● **WHAT YOU HAVE TO DO**
Start at the line with "u.1, q <- D v.1]" in the records below, stop at the line with "From mathcomp Require Import reals Rstruct ring.", and return every line in that span exactly, the two end lines included.

● **DATA SHOWN**
(* Let $M$ be a commutative and cocommutative Hopf algebra over $\mathbb{C}$, let $A$ be a commutative $\mathbb{C}$-algebra, let $r$ be an $A$-valued bicharacter on $M$, and let $s=r\circ r^{t}$ be its symmetrization. Then for all $a,b\in M$, \[ \mathrm{EQ}_{r}(ab)=\mathrm{EQ}_{r}(a)\bullet_{s}\mathrm{EQ}_{r}(b). \] In other words, $\mathrm{EQ}_r$ is a homomorphism from $(M\otimes A,\cdot)$ to $(M\otimes A,\bullet_s)$.
   Context: For a Hopf algebra $M$ with coproduct $\Delta$, counit $\eta$ and antipode $S$, Sweedler notation is used: $\Delta(a)=\sum a'\otimes a''$, $\Delta^2(a)=\sum a'\otimes a''\otimes a'''$ (summation signs omitted). An $A$-valued bicharacter on $M$ is a linear map $r:M\otimes M\to A$ such that for all $a,b,c\in M$: $r(1\otimes a)=\eta(a)=r(a\otimes 1)$, $r(ab\otimes c)=\sum r(a\otimes c')r(b\otimes c'')$, and $r(a\otimes bc)=\sum r(a'\otimes b)r(a''\otimes c)$. The convolution of bicharacters is $(r\circ t)(a\otimes b)=\sum r(a'\otimes b')t(a''\otimes b'')$, and $r^{t}(a\otimes b)=r(b\otimes a)$. A bicharacter $t$ is symmetric if $t=t^t$. The symmetrization of $r$ is $s=r\circ r^t$, i.e. $s(a\otimes b)=\sum r(a'\otimes b')r(b''\otimes a'')$. Write $M_A=M\otimes_{\mathbb{C}}A$ with the $A$-linear extension of the product of $M$. For a symmetric bicharacter $t$, the product $\bullet_t$ on $M_A$ is the $A$-bilinear extension of $a\bullet_t b=\sum a'b'\,t(a''\otimes b'')$ for $a,b\in M$. The map $\mathrm{EQ}_r:M\to M_A$ is $\mathrm{EQ}_r(m)=\sum r(m'\otimes m'')m'''$, extended $A$-linearly to $M_A$. *)

From mathcomp Require Import all_boot all_algebra complex.
From mathcomp Require Import reals Rstruct.
Set Implicit Arguments. Unset Strict Implicit. Unset Printing Implicit Defensive.
Import GRing.Theory.
Local Open Scope ring_scope.

Definition CC : fieldType := (Rdefinitions.R)[i].

(* ---------- Tensors without a tensor-product library ----------------------
   An element of U (x) W is represented by a finite list of pairs
   [:: (u_1,w_1); ...] standing for  sum_i u_i (x) w_i.  Two such lists
   represent the same tensor iff every C-bilinear map out of U x W (into any
   C-vector space V) takes the same value on them (universal property of the
   tensor product).  Same for triple tensors with trilinear maps. *)

Definition bilin (U W V : lmodType CC) (f : U -> W -> V) : Prop :=
  (forall (c : CC) (x y : U) (w : W), f (c *: x + y) w = c *: f x w + f y w) /\
  (forall (c : CC) (u : U) (x y : W), f u (c *: x + y) = c *: f u x + f u y).

Definition trilin (U W X V : lmodType CC) (f : U -> W -> X -> V) : Prop :=
  (forall (c : CC) (x y : U) (w : W) (z : X),
      f (c *: x + y) w z = c *: f x w z + f y w z) /\
  (forall u : U, bilin (f u)).

Definition teq (U W : lmodType CC) (s t : seq (U * W)) : Prop :=
  forall (V : lmodType CC) (f : U -> W -> V), bilin f ->
    \sum_(p <- s) f p.1 p.2 = \sum_(p <- t) f p.1 p.2.

Definition teq3 (U W X : lmodType CC) (s t : seq (U * W * X)) : Prop :=
  forall (V : lmodType CC) (f : U -> W -> X -> V), trilin f ->
    \sum_(p <- s) f p.1.1 p.1.2 p.2 = \sum_(p <- t) f p.1.1 p.1.2 p.2.

Section Hopf.
Variable M : comAlgType CC.
(* coproduct, given as a Sweedler representative: Delta a = sum_{p <- D a} p.1 (x) p.2 *)
Variable D : M -> seq (M * M).
Variable eps : M -> CC.
Variable S : M -> M.

(* (Delta (x) id) Delta a, as a list of triples  a' (x) a'' (x) a''' *)
Definition cop2 (a : M) : seq (M * M * M) :=
  flatten [seq [seq (q.1, q.2, p.2) | q <- D p.1] | p <- D a].

(* (id (x) Delta) Delta a *)
Definition cop2' (a : M) : seq (M * M * M) :=
  flatten [seq [seq (p.1, q.1, q.2) | q <- D p.2] | p <- D a].

Definition is_hopf : Prop :=
  (forall (c : CC) (x y : M),
     teq (D (c *: x + y)) ([seq (c *: p.1, p.2) | p <- D x] ++ D y)) /\
  (forall x y : M,
     teq (D (x * y)) [seq (p.1 * q.1, p.2 * q.2) | p <- D x, q <- D y]) /\
  teq (D 1) [:: (1, 1)] /\
  (forall x : M, teq3 (cop2 x) (cop2' x)) /\
  (forall (c : CC) (x y : M), eps (c *: x + y) = c * eps x + eps y) /\
  (forall x y : M, eps (x * y) = eps x * eps y) /\ eps 1 = 1 /\
  (forall x : M, \sum_(p <- D x) eps p.1 *: p.2 = x /\
                 \sum_(p <- D x) eps p.2 *: p.1 = x) /\
  (forall (c : CC) (x y : M), S (c *: x + y) = c *: S x + S y) /\
  (forall x : M, \sum_(p <- D x) S p.1 * p.2 = eps x *: 1 /\
                 \sum_(p <- D x) p.1 * S p.2 = eps x *: 1).

Definition cocommutative : Prop :=
  forall x : M, teq (D x) [seq (p.2, p.1) | p <- D x].

Variable A : comAlgType CC.

(* r : M (x) M -> A, given as a C-bilinear map M -> M -> A *)
Definition is_bicharacter (r : M -> M -> A) : Prop :=
  [/\ bilin r,
      (forall x : M, r 1 x = (eps x)%:A /\ r x 1 = (eps x)%:A),
      (forall x y z : M, r (x * y) z = \sum_(p <- D z) r x p.1 * r y p.2) &
      (forall x y z : M, r x (y * z) = \sum_(p <- D x) r p.1 y * r p.2 z)].

Definition bconv (r t : M -> M -> A) : M -> M -> A :=
  fun x y => \sum_(p <- D x) \sum_(q <- D y) r p.1 q.1 * t p.2 q.2.

Definition btr (r : M -> M -> A) : M -> M -> A := fun x y => r y x.

Definition symmetrization (r : M -> M -> A) : M -> M -> A := bconv r (btr r).

(* Elements of M_A = M (x)_C A are lists of pairs (m, alpha) = sum m (x) alpha. *)
Definition teqMA (s t : seq (M * A)) : Prop := teq s t.

Definition EQ (r : M -> M -> A) (m : M) : seq (M * A) :=
  [seq (w.2, r w.1.1 w.1.2) | w <- cop2 m].

(* the product bullet_t on M_A: A-bilinear extension of
   x bullet_t y = sum x' y' t(x'' (x) y''), i.e.
   (x (x) alpha) bullet_t (y (x) beta) = sum x'y' (x) alpha beta t(x'' (x) y'') *)
Definition bullet (t : M -> M -> A) (X Y : seq (M * A)) : seq (M * A) :=
  flatten [seq flatten [seq [seq (p.1 * q.1, u.2 * v.2 * t p.2 q.2)
                                | p <- D u.1, q <- D v.1]
                           | v <- Y]
          | u <- X].

End Hopf.

From mathcomp Require Import all_boot all_algebra complex.
From mathcomp Require Import reals Rstruct ring.
Set Implicit Arguments. Unset Strict Implicit. Unset Printing Implicit Defensive.
Import GRing.Theory.
Local Open Scope ring_scope.

(* Writing r∘Δ for x |-> Σ r(x', x''), EQ_r(m) = Σ (r∘Δ)(m') m'' and the claim reduces,
   via multiplicativity of Δ, to the identity
     (r∘Δ)(xy) = Σ (r∘Δ)(x') (r∘Δ)(y') s(x'', y'').
   The bicharacter axioms expand r(x'y', x''y'') into a product of four values of r, so
   both sides become sums over Δ³x ⊗ Δ³y of products of four values of r; they differ
   only by a permutation of the tensor factors, which cocommutativity makes harmless. *)

Section Multilinear.
Variables U W X V : lmodType CC.

Lemma linear_fun_sum (g : U -> W) I (s : seq I) (F : I -> U) :
  linear g -> g (\sum_(i <- s) F i) = \sum_(i <- s) g (F i).
Proof.
move=> /GRing.semilinear_linear/GRing.nmod_morphism_semilinear [g0 gD].
by apply: (big_morph g gD g0).
Qed.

● **THE ANSWER**
                                | p <- D u.1, q <- D v.1]
                           | v <- Y]
          | u <- X].

End Hopf.

From mathcomp Require Import all_boot all_algebra complex.
From mathcomp Require Import reals Rstruct ring.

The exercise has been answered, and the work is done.